### DATASET EXTRACT
(* Let $\kappa=(\xi,\eta)\in S\mathbb{H}$ and $\nu=(\alpha,\beta)\in\mathbb{H}^2$. Then $\{\kappa,\nu\}=0$ if and only if $\nu=\kappa x$ for some $x\in\mathbb{H}$.
   Context: For $q=a+bi+cj+dk\in\mathbb{H}$, $q^*=a+bi+cj-dk$, $\bar q=a-bi-cj-dk$. $\mathcal{V}=\mathrm{span}_\mathbb{R}\{1,i,j\}$. $S\mathbb{H}=\{(\xi,\eta)\in\mathbb{H}^2\setminus\{(0,0)\}:\xi\bar\eta\in\mathcal{V}\}$. The bracket of $\kappa_m=(\xi_m,\eta_m)\in\mathbb{H}^2$ is $\{\kappa_1,\kappa_2\}=\xi_1^*\eta_2-\eta_1^*\xi_2$. Right multiplication: $(\xi,\eta)x=(\xi x,\eta x)$. *)

From mathcomp Require Import all_boot all_order all_algebra.
From mathcomp Require Import reals.
Set Implicit Arguments. Unset Strict Implicit. Unset Printing Implicit Defensive.
Import Order.TTheory GRing.Theory Num.Theory.
Local Open Scope ring_scope.

(* q = q0 + q1 i + q2 j + q3 k *)
Record quat (R : realType) := Quat { q0 : R; q1 : R; q2 : R; q3 : R }.

Section Quat.
Variable R : realType.
Implicit Types p q : quat R.

Definition qzero : quat R := Quat 0 0 0 0.
Definition qadd p q := Quat (q0 p + q0 q) (q1 p + q1 q) (q2 p + q2 q) (q3 p + q3 q).
Definition qsub p q := Quat (q0 p - q0 q) (q1 p - q1 q) (q2 p - q2 q) (q3 p - q3 q).
(* Hamilton product, i^2 = j^2 = k^2 = ijk = -1 *)
Definition qmul p q := Quat
  (q0 p * q0 q - q1 p * q1 q - q2 p * q2 q - q3 p * q3 q)
  (q0 p * q1 q + q1 p * q0 q + q2 p * q3 q - q3 p * q2 q)
  (q0 p * q2 q - q1 p * q3 q + q2 p * q0 q + q3 p * q1 q)
  (q0 p * q3 q + q1 p * q2 q - q2 p * q1 q + q3 p * q0 q).
Definition qconj q := Quat (q0 q) (- q1 q) (- q2 q) (- q3 q).
Definition qstar q := Quat (q0 q) (q1 q) (q2 q) (- q3 q).

Definition inV q : Prop := q3 q = 0.

Definition inSH (k : quat R * quat R) : Prop :=
  k <> (qzero, qzero) /\ inV (qmul k.1 (qconj k.2)).

Definition qbracket (k1 k2 : quat R * quat R) : quat R :=
  qsub (qmul (qstar k1.1) k2.2) (qmul (qstar k1.2) k2.1).

Definition qrmul (k : quat R * quat R) (x : quat R) : quat R * quat R :=
  (qmul k.1 x, qmul k.2 x).
End Quat.

From mathcomp Require Import all_boot all_order all_algebra.
From mathcomp Require Import reals.
From mathcomp Require Import ring lra.
Set Implicit Arguments. Unset Strict Implicit. Unset Printing Implicit Defensive.
Import Order.TTheory GRing.Theory Num.Theory.
Local Open Scope ring_scope.

(* Write h for the k-component of xi \bar eta, so that kappa is in SH iff h = 0.
   Two polynomial identities drive the proof: {kappa, kappa x} = -2 h k x, and
   eta \bar xi alpha = |xi|^2 beta - \bar{xi^*} {kappa, nu} - 2 h k alpha.
   For h = 0 the first gives "if"; the second shows that a null bracket forces
   nu = kappa x with x = xi^{-1} alpha when xi <> 0, and the case xi = 0 reduces
   to it by swapping the two coordinates, which only changes the sign of the
   bracket and of h. *)

Section QuatAlgebra.
Variable R : realType.
Implicit Types (c : R) (q x xi eta al be : quat R).

Definition qscale c q := Quat (c * q0 q) (c * q1 q) (c * q2 q) (c * q3 q).
Definition qk : quat R := Quat 0 0 0 1.
Definition qnorm2 q := q0 q ^+ 2 + q1 q ^+ 2 + q2 q ^+ 2 + q3 q ^+ 2.

Ltac quat_ring :=
  rewrite /qbracket /qrmul /qscale /qk /qnorm2 /qmul /qsub /qadd /qstar /qconj /=;
  f_equal; ring.

Lemma qmulZr p c q : qmul p (qscale c q) = qscale c (qmul p q).
Proof. by case: p q => [? ? ? ?] [? ? ? ?]; quat_ring. Qed.

Lemma qscaleK c q : c != 0 -> qscale c^-1 (qscale c q) = q.
Proof. by move=> c_nz; case: q => ? ? ? ?; rewrite /qscale /=; f_equal; field. Qed.

Lemma qmul_conjK xi q : qmul xi (qmul (qconj xi) q) = qscale (qnorm2 xi) q.
Proof. by case: xi q => [? ? ? ?] [? ? ? ?]; quat_ring. Qed.

Lemma qnorm2_eq0 q : qnorm2 q = 0 -> q = qzero R.
Proof.
case: q => a b c d /= norm0; rewrite /qnorm2 /= in norm0.
by have [-> -> -> ->] : [/\ a = 0, b = 0, c = 0 & d = 0] by split; nra.
Qed.

Lemma qbracket_qrmul xi eta x :
  qbracket (xi, eta) (qrmul (xi, eta) x)
  = qscale (-2 * q3 (qmul xi (qconj eta))) (qmul qk x).
Proof. by case: xi eta x => [? ? ? ?] [? ? ? ?] [? ? ? ?]; quat_ring. Qed.

Lemma qmul_conj_qbracket xi eta al be :
  qadd (qmul eta (qmul (qconj xi) al))
       (qadd (qmul (qconj (qstar xi)) (qbracket (xi, eta) (al, be)))
             (qscale (2 * q3 (qmul xi (qconj eta))) (qmul qk al)))
  = qscale (qnorm2 xi) be.
Proof. by case: xi eta al be => [? ? ? ?] [? ? ? ?] [? ? ? ?] [? ? ? ?]; quat_ring. Qed.

Lemma inV_swap xi eta : inV (qmul xi (qconj eta)) -> inV (qmul eta (qconj xi)).
Proof.
case: xi eta => [? ? ? ?] [? ? ? ?]; by rewrite /inV /qmul /qconj /=; lra.
Qed.

Lemma qbracket_swap_eq0 xi eta al be :
  qbracket (xi, eta) (al, be) = qzero R -> qbracket (eta, xi) (be, al) = qzero R.
Proof.
case: xi eta al be => [? ? ? ?] [? ? ? ?] [? ? ? ?] [? ? ? ?].
by rewrite /qbracket /qmul /qsub /qstar /qzero /= => -[? ? ? ?]; f_equal; lra.
Qed.

Lemma qbracket_eq0_qrmul xi eta al be :
  qnorm2 xi != 0 -> inV (qmul xi (qconj eta)) ->
  qbracket (xi, eta) (al, be) = qzero R ->
  (al, be) = qrmul (xi, eta) (qscale (qnorm2 xi)^-1 (qmul (qconj xi) al)).
Proof.
move=> xi_nz h0 bracket0.
have eta_al : qmul eta (qmul (qconj xi) al) = qscale (qnorm2 xi) be.
  rewrite -(qmul_conj_qbracket xi eta al be) bracket0 h0.
  by case: xi eta al be {xi_nz h0 bracket0} => [? ? ? ?] [? ? ? ?] [? ? ? ?] [? ? ? ?];
     quat_ring.
by rewrite /qrmul /= !qmulZr qmul_conjK eta_al !qscaleK.
Qed.

End QuatAlgebra.

Theorem lemma3p5 (R : realType) (kappa nu : quat R * quat R) :
  inSH kappa ->
  (qbracket kappa nu = qzero R <-> exists x : quat R, nu = qrmul kappa x).
Proof.
case: kappa nu => xi eta [al be] [kappa_nz h0]; split; last first.
  by move=> [x ->]; rewrite qbracket_qrmul h0 mulr0 /qscale /= !mul0r.
move=> bracket0; have [/qnorm2_eq0 xi0 | xi_nz] := eqVneq (qnorm2 xi) 0; last first.
  by eexists; exact: qbracket_eq0_qrmul.
have [/qnorm2_eq0 eta0 | eta_nz] := eqVneq (qnorm2 eta) 0.
  by case: kappa_nz; rewrite xi0 eta0.
move: (qbracket_eq0_qrmul eta_nz (inV_swap h0) (qbracket_swap_eq0 bracket0)).
set y := qscale _ _; rewrite /qrmul /= => -[be_y al_y].
by exists y; rewrite al_y be_y.
Qed.
Set Implicit Arguments.
Unset Strict Implicit.
Unset Printing Implicit Defensive.

(* Greedy step.  [s] is the list [f 0; ...; f (n-1)], n >= 1.
   [greedy_ok s n m] : m is not among f 0..f (n-1) and n divides
   f 1 + ... + f (n-1) + m. *)
Definition greedy_ok (s : seq nat) (n m : nat) : bool :=
  (m \notin s) && (n %| sumn (behead s) + m).

(* The search range [0, n*n + 2*n + 1) is
   sufficient: among the n+1 numbers r, r+n, ..., r+n*n (r < n the required
   residue), all satisfy the divisibility and at most n are in s, so one is
   free; hence the least valid m is < n*n + 2*n.  Since the search starts at 0,
   the first valid element found is the least natural number satisfying (i),(ii). *)
Definition greedy_next (s : seq nat) (n : nat) : nat :=
  nth 0 [seq m <- iota 0 (n * n + 2 * n + 1) | greedy_ok s n m] 0.

Fixpoint fseq (n : nat) : seq nat :=
  match n with
  | 0 => [:: 0]
  | n'.+1 => let s := fseq n' in rcons s (greedy_next s n'.+1)
  end.

Definition f (n : nat) : nat := nth 0 (fseq n) n.

Definition h (n : nat) : nat :=
  if n == 0 then 0 else (\sum_(1 <= i < n.+1) f i) %/ n.

Definition phi : R := ((1 + sqrt 5) / 2)%R.

(* Write alpha = phi - 1 = 1/phi and G n = floor (n alpha), so that
   floor (n phi) = n + G n.  The proof has three parts.

   Using alpha^2 = 1 - alpha and the
      irrationality of alpha, we compute G at points such as
      floor (n phi) + 1, and characterise the "rises" of G (the n with
      G (n + 1) = G n + 1) among its "stays" (G (n + 1) = G n).
   2. The greedy recursion.  By induction, S n = f 1 + ... + f n = n h n,
      h n <= n and f i <= h n + n for i <= n.  Hence f (n + 1) is h n when
      that value is still free and h n + n + 1 otherwise, while h (n + 1)
      is h n or h n + 1 accordingly ([f_succ], [h_succ]).
   3. Identification.  By strong induction, h n = G n + 1 for n > 0: the
      value h n is already used exactly at the rises of G ([seen_iff_rise]). *)
From Pilot Require Import Defs.
From mathcomp Require Import all_boot.
From Stdlib Require Import Reals ZArith Lra Lia.
From mathcomp Require Import zify.
Import Pilot.Defs.

Set Implicit Arguments.
Unset Strict Implicit.
Unset Printing Implicit Defensive.

Definition alpha : R := (phi - 1)%R.

Lemma alpha_sq : (alpha * alpha = 1 - alpha)%R.
Proof.
have s5 : (sqrt 5 * sqrt 5 = 5)%R by apply: sqrt_sqrt; lra.
rewrite /alpha /phi; lra.
Qed.

Lemma alpha_bounds : (0.6 < alpha < 0.625)%R.
Proof.
have s5 : (sqrt 5 * sqrt 5 = 5)%R by apply: sqrt_sqrt; lra.
have := sqrt_pos 5; rewrite /alpha /phi => ?; nra.
Qed.

(* Multiplying out alpha^2, the form in which lra uses [alpha_sq]. *)
Lemma mul_alpha2 x : (x * alpha * alpha = x - x * alpha)%R.
Proof. by rewrite Rmult_assoc alpha_sq; ring. Qed.

(* 5 is not the square of a rational: compare the 5-adic valuations. *)
Lemma five_not_square k m : 0 < k -> 5 * (k * k) <> m * m.
Proof.
move=> k0 E.
have m0 : 0 < m by case: m E; rewrite ?muln0 //; lia.
have := congr1 (logn 5) E.
rewrite !lognM //; last by lia.
have -> : logn 5 5 = 1 by [].
lia.
Qed.

Lemma alpha_irrational g k : 0 < k -> (INR k * alpha <> INR g)%R.
Proof.
move=> k0 E.
have s5 : (sqrt 5 * sqrt 5 = 5)%R by apply: sqrt_sqrt; lra.
have E1 : (INR k * sqrt 5 = INR (g + g + k))%R.
  by rewrite !plus_INR; move: E; rewrite /alpha /phi; lra.
apply: (@five_not_square k (g + g + k) k0); apply: INR_eq.
rewrite !mult_INR -E1 /=; nra.
Qed.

### AIM OF THE TASK
Going down the listing above, begin printing at the line with "by move=> [x" and finish with the line with "(* The search range [0, n*n + 2*n + 1) is", exactly as they appear.

### COMPLETED EXERCISE
  by move=> [x ->]; rewrite qbracket_qrmul h0 mulr0 /qscale /= !mul0r.
move=> bracket0; have [/qnorm2_eq0 xi0 | xi_nz] := eqVneq (qnorm2 xi) 0; last first.
  by eexists; exact: qbracket_eq0_qrmul.
have [/qnorm2_eq0 eta0 | eta_nz] := eqVneq (qnorm2 eta) 0.
  by case: kappa_nz; rewrite xi0 eta0.
move: (qbracket_eq0_qrmul eta_nz (inV_swap h0) (qbracket_swap_eq0 bracket0)).
set y := qscale _ _; rewrite /qrmul /= => -[be_y al_y].
by exists y; rewrite al_y be_y.
Qed.
Set Implicit Arguments.
Unset Strict Implicit.
Unset Printing Implicit Defensive.

(* Greedy step.  [s] is the list [f 0; ...; f (n-1)], n >= 1.
   [greedy_ok s n m] : m is not among f 0..f (n-1) and n divides
   f 1 + ... + f (n-1) + m. *)
Definition greedy_ok (s : seq nat) (n m : nat) : bool :=
  (m \notin s) && (n %| sumn (behead s) + m).

(* The search range [0, n*n + 2*n + 1) is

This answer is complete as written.